═══ DATA IN THIS EXERCISE

Lemma arc_lin_eq0 l0 l1 l2 :
  (forall v, v0 < v < v1 -> trig_lin l0 l1 l2 v = 0) -> l0 = 0 /\ l1 = 0 /\ l2 = 0.
Proof.
  intros H.
  assert (Hi : ceval (lin_poly v0 l0 l1 l2) Ci = 0%C).
  { apply (ceval_Ci_eq0_of_arc v0 v1 _ 1 _ Hv H).
    intros T. autorewrite with peval. ring. }
  destruct (ceval_lin_poly_Ci_eq0 _ _ _ _ Hi) as [-> ->].
  specialize (H ((v0 + v1) / 2) ltac:(lra)). unfold trig_lin in H.
  repeat split; lra.
Qed.

Lemma arc_quadratic_eq0 A B C' l0 l1 l2 : ~ (l1 = 0 /\ l2 = 0) ->
  (forall v, v0 < v < v1 ->
     A + B * trig_lin l0 l1 l2 v + C' * trig_lin l0 l1 l2 v ^ 2 = 0) ->
  A = 0 /\ B = 0 /\ C' = 0.
Proof.
  intros Hl H.
  set (D := one_plus_sq). set (P := lin_poly v0 l0 l1 l2).
  assert (Hi : ceval (padd (pscal A (pmul D D))
                  (padd (pscal B (pmul D P)) (pscal C' (pmul P P)))) Ci = 0%C).
  { apply (ceval_Ci_eq0_of_arc v0 v1 _ 2 _ Hv H).
    intros T. unfold D, P. autorewrite with peval. ring. }
  assert (HC : C' = 0).
  { unfold D in Hi. autorewrite with ceval in Hi.
    assert (Hc : (RtoC C' * ceval P Ci ^ 2)%C = 0%C) by (rewrite <- Hi; ring).
    apply Cmult_eq0 in Hc as [Hc|Hc]; [exact (RtoC_eq0 _ Hc)|].
    exfalso. exact (Hl (ceval_lin_poly_Ci_eq0 _ _ _ _ (Cpow_eq0 _ _ Hc))). }
  subst C'.
  destruct (arc_lin_eq0 (A + B * l0) (B * l1) (B * l2)) as [H0 [H1 H2]].
  { intros v Hv'. rewrite <- (H v Hv'). unfold trig_lin. ring. }
  assert (HB : B = 0).
  { destruct (Rmult_integral _ _ H1), (Rmult_integral _ _ H2); tauto. }
  subst B. repeat split; lra.
Qed.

══════

• [EXERCISE DETAILS] Exactly the lines from the one containing "intros Hl H." through the end of the entries above must be output, and no others.

• [TASK OUTPUT]
  intros Hl H.
  set (D := one_plus_sq). set (P := lin_poly v0 l0 l1 l2).
  assert (Hi : ceval (padd (pscal A (pmul D D))
                  (padd (pscal B (pmul D P)) (pscal C' (pmul P P)))) Ci = 0%C).
  { apply (ceval_Ci_eq0_of_arc v0 v1 _ 2 _ Hv H).
    intros T. unfold D, P. autorewrite with peval. ring. }
  assert (HC : C' = 0).
  { unfold D in Hi. autorewrite with ceval in Hi.
    assert (Hc : (RtoC C' * ceval P Ci ^ 2)%C = 0%C) by (rewrite <- Hi; ring).
    apply Cmult_eq0 in Hc as [Hc|Hc]; [exact (RtoC_eq0 _ Hc)|].
    exfalso. exact (Hl (ceval_lin_poly_Ci_eq0 _ _ _ _ (Cpow_eq0 _ _ Hc))). }
  subst C'.
  destruct (arc_lin_eq0 (A + B * l0) (B * l1) (B * l2)) as [H0 [H1 H2]].
  { intros v Hv'. rewrite <- (H v Hv'). unfold trig_lin. ring. }
  assert (HB : B = 0).
  { destruct (Rmult_integral _ _ H1), (Rmult_integral _ _ H2); tauto. }
  subst B. repeat split; lra.
Qed.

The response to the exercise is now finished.